Mordue par un serpent et rescapée d'un séisme, elle devient l'espoir turc de la boxe
SPORTS
8 min de lecture
Mordue par un serpent et rescapée d'un séisme, elle devient l'espoir turc de la boxeÀ 24 ans, la boxeuse turque Rabia Topuz a surmonté toutes sortes d'obstacles. Aujourd'hui, elle rêve de hisser le drapeau de son pays aux Jeux Olympiques de 2028. Son histoire révèle comment les tragédies peuvent être une source de motivation.
Rabia a commencé son parcours dans les arts martiaux, débutant avec le Muay Thai et le Wushu. / Others
20 juillet 2025

À Akcadag, un village du sud-est de la Turquie entouré de montagnes, Rabia Topuz, grande promesse de la boxe dans son pays, a découvert que l’amertume peut se transformer en la douceur de la force.

Aujourd’hui âgée de 24 ans, avec des titres prestigieux en boxe, des entraînements rigoureux et des études universitaires, Rabia est convaincue que les obstacles lui ont donné les anticorps nécessaires pour monter sur le ring et affronter, sans peur, n’importe quel adversaire.

Son enfance s’est déroulée entre de longues journées de récolte de fruits avec sa famille, dans une région reconnue pour sa tradition agricole. « Travailler sous le soleil, pendant des heures, m’a donné une force intérieure et une résistance qu’aucune salle de sport ne pourrait offrir », raconte Rabia à TRT Español. Mais ce ne serait pas le seul défi d’où elle tirerait sa force. Et, comparé à ce qui viendrait plus tard, cela semblerait insignifiant.

Des arts martiaux à l’amour pour la boxe

Rabia a commencé son parcours dans les arts martiaux, débutant avec le Muay Thai et le Wushu. Dès son adolescence, elle a obtenu la troisième place nationale dans ces deux disciplines, montrant son potentiel compétitif.

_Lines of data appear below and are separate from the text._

(* Let $A$ be a real $m\times n$ matrix with $r:=\operatorname{rank}(A)<n$ and let $k:=n-r$. Let $\beta\in\mathbb R_m$, $\varepsilon\ge0$, $F\in S(A,\beta,\varepsilon)$, and let $y\in\mathbb R_n$, $\delta\ge0$ with $\|Ay^T-\beta^T\|_\infty\le\delta$. Put $D:=(A^T)^\dagger$. Fix a basis $(x_1^T,\dots,x_k^T)$ of $\ker(A)$, let $x_{sj}$ be the $j$-th coordinate of $x_s$, and let $X:=(x_{sj})$ be the $k\times n$ matrix with rows $x_1,\dots,x_k$. Define $\pi_s(u):=u^{x_s}$ for $u\in\mathbb R_n^+$, and for $w\in\mathbb R_k^+$ define $$\psi(w):=\exp\big(X^\dagger\log(w)^T\big)\in\mathbb R_n^+,\qquad G(w):=F(\psi(w))/\psi(w)^y.$$ Let $M:=\max\{|x_{sj}|:1\le s\le k,\,1\le j\le n\}$ and let $K>1$. Then for every $v=(v_1,\dots,v_n)\in\mathbb R_n^+$ with $K^{-1}\le v_i\le K$ for all $i$, $$|F(v)-G(\pi_1(v),\dots,\pi_k(v))v^y|\le|F(v)|\Big((1+\varepsilon)K^{m\delta\|D\|(nM\|X^\dagger\|+1)}-1\Big).$$
   Context: $\mathbb R_m$ denotes real row vectors of length $m$, $\mathbb R_m^+$ those with all entries strictly positive (similarly $\mathbb R_n^+,\mathbb R_k^+$). For $c\in\mathbb R_m^+$ and $\alpha\in\mathbb R_m$, $c^\alpha:=\prod_i c_i^{\alpha_i}$ (similarly $u^x$, $v^y$). For a row vector $w=(w_1,\dots,w_k)$ with positive entries, $\log(w):=(\log w_1,\dots,\log w_k)$ (natural logarithm), and for a column vector $z=(z_1,\dots,z_n)^T$, $\exp(z):=(e^{z_1},\dots,e^{z_n})$ (a row vector). For a real $m\times n$ matrix $A$ with columns $\alpha_1^T,\dots,\alpha_n^T$, $\beta\in\mathbb R_m$ and $\varepsilon\ge0$, $S(A,\beta,\varepsilon)$ is the set of all $F:\mathbb R_n^+\to\mathbb R$ with $$|F(v_1c^{\alpha_1},\dots,v_nc^{\alpha_n})-F(v_1,\dots,v_n)c^\beta|\le\varepsilon|F(v_1,\dots,v_n)|c^\beta$$ for all $v_1,\dots,v_n>0$ and all $c\in\mathbb R_m^+$. $B^\dagger$ is the Moore–Penrose pseudoinverse of a real matrix $B$; $\|\cdot\|_\infty$ is the maximum norm and $\|B\|=\max_i\sum_j|b_{ij}|$ the induced matrix norm. *)

From Stdlib Require Import Reals.
From mathcomp Require Import all_boot.
Set Implicit Arguments.
Unset Strict Implicit.
Unset Printing Implicit Defensive.

Local Open Scope R_scope.

Definition vec (n : nat) := 'I_n -> R.
Definition mat (m n : nat) := 'I_m -> 'I_n -> R.

Definition Rsum (n : nat) (f : 'I_n -> R) : R := \big[Rplus/0]_(j < n) f j.
Definition Rprod (n : nat) (f : 'I_n -> R) : R := \big[Rmult/1]_(j < n) f j.
Definition Rmaxb (n : nat) (f : 'I_n -> R) : R := \big[Rmax/0]_(j < n) f j.

Definition trmat (m n : nat) (B : mat m n) : mat n m := fun j i => B i j.
Definition mulmat (m n p : nat) (B : mat m n) (C : mat n p) : mat m p :=
  fun i l => Rsum (fun j => B i j * C j l).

Mais en 2016, elle a trouvé sa véritable vocation dans la boxe, inspirée par une amie proche et entraîneuse, Hatice Akbas, qui avait remporté le Championnat d’Europe de boxe junior. « Voir la victoire de Hatice m’a fait réaliser que ce chemin n’était pas aussi inaccessible que je le pensais », affirme Rabia, aujourd’hui membre du Fenerbahce Sports Club, l’une des institutions sportives les plus prestigieuses de la Turquie. « La boxe m’a attirée par sa discipline, son intensité, et parce qu’elle exige autant de concentration mentale que de force physique. »

Depuis, elle s’entraîne sans relâche sous la direction de l’entraîneur turc Kerem Akbas, qui est devenu non seulement son mentor mais aussi un « second père ». Leur alliance de huit ans l’a accompagnée à travers d’innombrables défis et triomphes, toujours avec une confiance inébranlable en elle.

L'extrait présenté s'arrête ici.